• _Saved entries_
****
(* Let $\mathcal{T}$ be a tangle of order $k$ in a connectivity system $(E,\lambda)$. Let $X$ be a $\mathcal{T}$-strong $k$-separating set, and let $\mathcal{F}$ be the set of fully closed $k$-separating sets that contain $X$. Then $\bigcap \mathcal{F}$ is a fully closed $k$-separating set that contains $X$.
   Context: A connectivity system is a pair $(E,\lambda)$ with $E$ finite and $\lambda$ an integer-valued symmetric ($\lambda(X)=\lambda(E-X)$) submodular function on subsets of $E$. $X$ is $k$-separating if $\lambda(X)\le k$. A tangle of order $k$ is a collection $\mathcal T$ of subsets of $E$ with (T1) $\lambda(A)<k$ for $A\in\mathcal T$; (T2) if $\lambda(A)\le k-1$ then $A\in\mathcal T$ or $E-A\in\mathcal T$; (T3) $A\cup B\cup C\ne E$ for $A,B,C\in\mathcal T$; (T4) $E-\{e\}\notin\mathcal T$ for $e\in E$. A set is $\mathcal T$-weak if contained in a member of $\mathcal T$, and $\mathcal T$-strong otherwise. A $\mathcal T$-strong $k$-separating set $X$ is fully closed if $X\cup Y$ is not $k$-separating for every nonempty $\mathcal T$-weak $Y\subseteq E-X$. *)

From mathcomp Require Import all_boot all_order all_algebra.
Set Implicit Arguments. Unset Strict Implicit. Unset Printing Implicit Defensive.
Import Order.TTheory GRing.Theory Num.Theory.
Local Open Scope ring_scope.

(* A connectivity system (E, lambda): E a finite type (the ground set is
   [set: E]), lambda an integer-valued symmetric submodular function. *)
Definition symmetric_fn (E : finType) (lambda : {set E} -> int) : Prop :=
  forall X : {set E}, lambda X = lambda (~: X).

Definition submodular_fn (E : finType) (lambda : {set E} -> int) : Prop :=
  forall X Y : {set E}, lambda (X :|: Y) + lambda (X :&: Y) <= lambda X + lambda Y.

Definition connectivity_system (E : finType) (lambda : {set E} -> int) : Prop :=
  symmetric_fn lambda /\ submodular_fn lambda.

Definition k_separating (E : finType) (lambda : {set E} -> int) (k : int)
  (X : {set E}) : Prop := lambda X <= k.

Definition tangle (E : finType) (lambda : {set E} -> int) (k : int)
  (T : {set {set E}}) : Prop :=
  [/\ (forall A, A \in T -> lambda A < k),
      (forall A, lambda A <= k - 1 -> A \in T \/ ~: A \in T),
      (forall A B C, A \in T -> B \in T -> C \in T -> A :|: B :|: C != setT)
    & (forall e : E, ~: [set e] \notin T)].

Definition T_weak (E : finType) (T : {set {set E}}) (Y : {set E}) : bool :=
  [exists A in T, Y \subset A].

Definition T_strong (E : finType) (T : {set {set E}}) (Y : {set E}) : bool :=
  ~~ T_weak T Y.

Definition fully_closed (E : finType) (lambda : {set E} -> int) (k : int)
  (T : {set {set E}}) (X : {set E}) : bool :=
  [&& T_strong T X, lambda X <= k &
      [forall Y : {set E}, [&& Y != set0, T_weak T Y & Y \subset ~: X] ==>
        ~~ (lambda (X :|: Y) <= k)]].

From mathcomp Require Import all_boot all_order all_algebra.
From mathcomp Require Import zify.
Set Implicit Arguments. Unset Strict Implicit. Unset Printing Implicit Defensive.
Import Order.TTheory GRing.Theory Num.Theory.
Local Open Scope ring_scope.

(* Call W a closure candidate if it is T-strong, k-separating and contained in
   every fully closed set containing X.  The key fact is that a fully closed Z
   absorbs every T-weak Y with W :|: Y k-separating whenever W \subset Z is
   T-strong: otherwise submodularity makes Z :&: (W :|: Y) separate with order
   below k, and the tangle axiom puts it or its complement into T, contradicting
   the strength of W or of ~: Z.  Hence a maximal candidate (which exists, X
   being one) admits no such Y, so it is fully closed; lying in every fully
   closed superset of X, it is their intersection. *)

Lemma T_weakS (E : finType) (T : {set {set E}}) (Y Y' : {set E}) :
  Y' \subset Y -> T_weak T Y -> T_weak T Y'.
Proof.
move=> sY'Y /existsP[A /andP[AT sYA]]; apply/existsP; exists A.
by rewrite AT (subset_trans sY'Y sYA).
Qed.

Lemma T_strongS (E : finType) (T : {set {set E}}) (W W' : {set E}) :
  W \subset W' -> T_strong T W -> T_strong T W'.
Proof. by move=> sWW'; apply: contra; apply: T_weakS. Qed.

Section FullyClosed.

Variables (E : finType) (lambda : {set E} -> int) (k : int) (T : {set {set E}}).
Hypothesis lambda_sym : symmetric_fn lambda.
Hypothesis lambda_submod : submodular_fn lambda.
Hypothesis T_tangle : tangle lambda k T.

Lemma lambdaT_min (Z : {set E}) : lambda setT <= lambda Z.
Proof.
have := lambda_submod Z (~: Z).
rewrite setUCr setICr -(lambda_sym Z) (lambda_sym setT) setCT; lia.
Qed.

Lemma fully_closed_setU_gt (Z Y : {set E}) :
  fully_closed lambda k T Z -> Y != set0 -> T_weak T Y -> Y \subset ~: Z ->
  k < lambda (Z :|: Y).
Proof.
case/and3P=> _ _ /forallP/(_ Y) closedZ Y0 weakY sYCZ.
by move: closedZ; rewrite Y0 weakY sYCZ /= -ltNge.
Qed.

Lemma fully_closed_setC_strong (Z : {set E}) :
  fully_closed lambda k T Z -> Z != setT -> T_strong T (~: Z).
Proof.
move=> closedZ ZnT; apply/negP => weakCZ.
have CZ0 : ~: Z != set0.
  by apply: contra_neq ZnT => CZ0; rewrite -(setCK Z) CZ0 setC0.
have := fully_closed_setU_gt closedZ CZ0 weakCZ (subxx _).
have := lambdaT_min Z; case/and3P: closedZ => _ Zk _.
rewrite setUCr; lia.
Qed.

Lemma fully_closed_absorb (Z W Y : {set E}) :
  fully_closed lambda k T Z -> W \subset Z -> T_strong T W ->
  T_weak T Y -> lambda (W :|: Y) <= k -> Y \subset Z.
Proof.
move=> closedZ sWZ strongW weakY WYk; apply/negPn/negP => nsYZ.
have ZnT : Z != setT by apply: contraNneq nsYZ => ->; apply: subsetT.
have YZ0 : Y :\: Z != set0 by rewrite setD_eq0.
have sYZCZ : Y :\: Z \subset ~: Z by rewrite setDE subsetIr.
have := fully_closed_setU_gt closedZ YZ0 (T_weakS (subsetDl Y Z) weakY) sYZCZ.
have -> : Z :|: Y :\: Z = Z :|: (W :|: Y).
  by rewrite setUA (setUidPl sWZ) setDE setUIr setUCr setIT.
move=> ZWY_gt; set A := Z :&: (W :|: Y).
have Alt : lambda A <= k - 1.
  have := lambda_submod Z (W :|: Y); rewrite -/A; case/and3P: closedZ => _ Zk _; lia.
case: T_tangle => _ /(_ A Alt)[AT | CAT] _ _.
- case/negP: strongW; apply/existsP; exists A.
  by rewrite AT subsetI sWZ subsetUl.
- case/negP: (fully_closed_setC_strong closedZ ZnT); apply/existsP.
  by exists (~: A); rewrite CAT setCS subsetIl.
Qed.

Variable X : {set E}.

Definition closure_candidate (W : {set E}) : bool :=
  [&& T_strong T W, lambda W <= k &
      [forall Z, fully_closed lambda k T Z && (X \subset Z) ==> (W \subset Z)]].

Lemma maxset_closure_candidate_fully_closed (W : {set E}) :
  maxset closure_candidate W -> fully_closed lambda k T W.
Proof.
case/maxsetP=> /and3P[strongW Wk /forallP belowW] maxW.
rewrite /fully_closed strongW Wk; apply/forallP => Y; apply/implyP.
case/and3P=> Y0 weakY sYCW; apply/negP => WYk.
have candWY : closure_candidate (W :|: Y).
  rewrite /closure_candidate (T_strongS (subsetUl W Y) strongW) WYk.
  apply/forallP => Z; apply/implyP => /andP[closedZ sXZ].
  have sWZ : W \subset Z by apply: (implyP (belowW Z)); rewrite closedZ sXZ.
  by rewrite subUset sWZ (fully_closed_absorb closedZ sWZ strongW weakY WYk).
have /setP/(_ _) WYW := maxW _ candWY (subsetUl W Y).
case/set0Pn: Y0 => y Yy; move/subsetP/(_ y Yy): sYCW.
by rewrite inE -(WYW y) inE Yy orbT.
Qed.

End FullyClosed.

Theorem corollary3p2 (E : finType) (lambda : {set E} -> int) (k : int)
  (T : {set {set E}}) (X : {set E}) :
  connectivity_system lambda ->
  tangle lambda k T ->
  T_strong T X -> k_separating lambda k X ->
  let F := [set Z : {set E} | fully_closed lambda k T Z && (X \subset Z)] in
  fully_closed lambda k T (\bigcap_(Z in F) Z) /\ X \subset \bigcap_(Z in F) Z.
Proof.
move=> [lambda_sym lambda_submod] T_tangle strongX Xk F.
have candX : closure_candidate lambda k T X X.
  by rewrite /closure_candidate strongX Xk; apply/forallP => Z; apply/implyP => /andP[].
have [W maxW sXW] := maxset_exists candX.
have closedW := maxset_closure_candidate_fully_closed lambda_sym lambda_submod T_tangle maxW.
suff -> : \bigcap_(Z in F) Z = W by [].
  apply/eqP; rewrite eqEsubset; apply/andP; split.
    by apply: bigcap_inf; rewrite inE closedW sXW.
  apply/bigcapsP => Z; rewrite inE => FZ.
  by case/maxsetp/and3P: maxW => _ _ /forallP/(_ Z)/implyP; apply.
Qed.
****
• _EXERCISE DIRECTIONS_
Taking the records above, retype every line from the one with "fully_closed lambda k T Z -> Y" down to the one with "have ZnT : Z", exactly and with nothing else.

• _EXERCISE RESPONSE_
  fully_closed lambda k T Z -> Y != set0 -> T_weak T Y -> Y \subset ~: Z ->
  k < lambda (Z :|: Y).
Proof.
case/and3P=> _ _ /forallP/(_ Y) closedZ Y0 weakY sYCZ.
by move: closedZ; rewrite Y0 weakY sYCZ /= -ltNge.
Qed.

Lemma fully_closed_setC_strong (Z : {set E}) :
  fully_closed lambda k T Z -> Z != setT -> T_strong T (~: Z).
Proof.
move=> closedZ ZnT; apply/negP => weakCZ.
have CZ0 : ~: Z != set0.
  by apply: contra_neq ZnT => CZ0; rewrite -(setCK Z) CZ0 setC0.
have := fully_closed_setU_gt closedZ CZ0 weakCZ (subxx _).
have := lambdaT_min Z; case/and3P: closedZ => _ Zk _.
rewrite setUCr; lia.
Qed.

Lemma fully_closed_absorb (Z W Y : {set E}) :
  fully_closed lambda k T Z -> W \subset Z -> T_strong T W ->
  T_weak T Y -> lambda (W :|: Y) <= k -> Y \subset Z.
Proof.
move=> closedZ sWZ strongW weakY WYk; apply/negPn/negP => nsYZ.
have ZnT : Z != setT by apply: contraNneq nsYZ => ->; apply: subsetT.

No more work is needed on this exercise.